La mayor dificultad con que tropezó la Madre Teresa a la hora de erigir monasterio fue por su empeño de fundarlos en pobreza, sin renta fija, fiando de la providencia de Dios, de la caridad de las gentes y del trabajo de manos. Cuestión ardua para su tiempo, en que la sociedad se hallaba supersaturada de monasterios pobres. Los teólogos y prelados la argüían con razones de sentido común; ella les replicaba con argumentos de perfección evangélica. A un dominico que le contradijo con dos pliegos de teología replicó Teresa «que para no seguir mi llamamiento y el voto que tenía hecho de pobreza y los consejos de Cristo con toda perfección, que no quería aprovecharme de teología, ni con sus letras en este caso me hiciese merced» (V 35,4).
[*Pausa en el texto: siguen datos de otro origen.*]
Lemma EVT_max_frob_ball q (f : 'rV[R]_q -> R) : continuous f ->
  exists2 c : 'rV[R]_q, frob c <= 1 & forall r, frob r <= 1 -> f r <= f c.
Proof.
move=> f_cont; pose B := [set r : 'rV[R]_q | frob r ^+ 2 <= 1].
have frob_le1 (r : 'rV[R]_q) : (frob r <= 1) = (frob r ^+ 2 <= 1).
  by rewrite -{2}(expr1n _ 2) ler_pXn2r ?nnegrE ?frob_ge0.
have B_closed : closed B.
  have -> : B = (fun r : 'rV[R]_q => frob r ^+ 2) @^-1` [set x | x <= 1] by [].
  apply: preimage_closed; last exact: closed_le.
  by move=> r _; apply: (continuous_frob_sqr (f := id)); exact: coord_continuous.
have B_compact : compact B.
  pose box := [set r : 'rV[R]_q | forall j, `[(-1 : R), 1]%classic (r ord0 j)].
  have box_compact : compact box.
    exact: (@rV_compact R q (fun=> `[(-1 : R), 1]%classic) (fun=> @segment_compact R (-1) 1)).
  apply: subclosed_compact B_closed box_compact _ => r /= r_le1 j /=.
  rewrite in_itv /= -ler_norml -(expr_le1 (n := 2)) // real_normK ?num_real //.
  apply: le_trans r_le1; rewrite frob_sqr minnerE big_ord1 (bigD1 j) //= lerDl.
  by apply: sumr_ge0 => i _; exact: sqr_ge0.
have B0 : B !=set0 by exists 0; rewrite /B /= frob0 expr0n.
have [c cB c_max] := EVT_max_rV B0 B_compact (continuous_subspaceT f_cont).
exists c => [|r r_le1]; first by rewrite frob_le1; move: cB; rewrite inE.
by apply: c_max; rewrite inE /B /= -frob_le1.
Qed.

End Compactness.

Section SingularValues.
Variable R : realType.
Implicit Types (m q : nat).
En cuanto estuvo de su parte la Madre Teresa se esforzó por seguir esta táctica, que en la práctica no siempre fue viable. De todas formas, ella fiaba más de Dios que en las criaturas porque El «es el Señor de las rentas y de los renteros» (C 2,2). «No tenemos hacienda, ni la queremos, ni procuramos» (3 M 2,6). Al final hubo de rendirse a la evidencia y ya resolvió que, habiendo de tener renta los monasterios, la tuviesen bastante para no molestar demasiado a los bienhechores. Fundó nueve conventos en pobreza, todos en grandes poblaciones; siete con renta, todos en lugares pequeños.

Amigos mercaderes

Los mercaderes eran buenos amigos de la Madre Fundadora y Teresa se entendió de maravilla con ellos. Su trato era muy asiduo y a veces los llevaba a sus fundaciones. En seguida ellos se amistaban con la Madre y compartían sus sentimientos y se trocaban en colaboradores de su obra. Se identificaban con sus ideales llegándose a conmover al ver tales realizaciones. Como ocurrió al llevarlos consigo a Duruelo y contemplar aquella pobreza y espiritualidad:

—«Dos mercaderes, que eran mis amigos, no hacían otra cosa sino llorar» (F 14,6).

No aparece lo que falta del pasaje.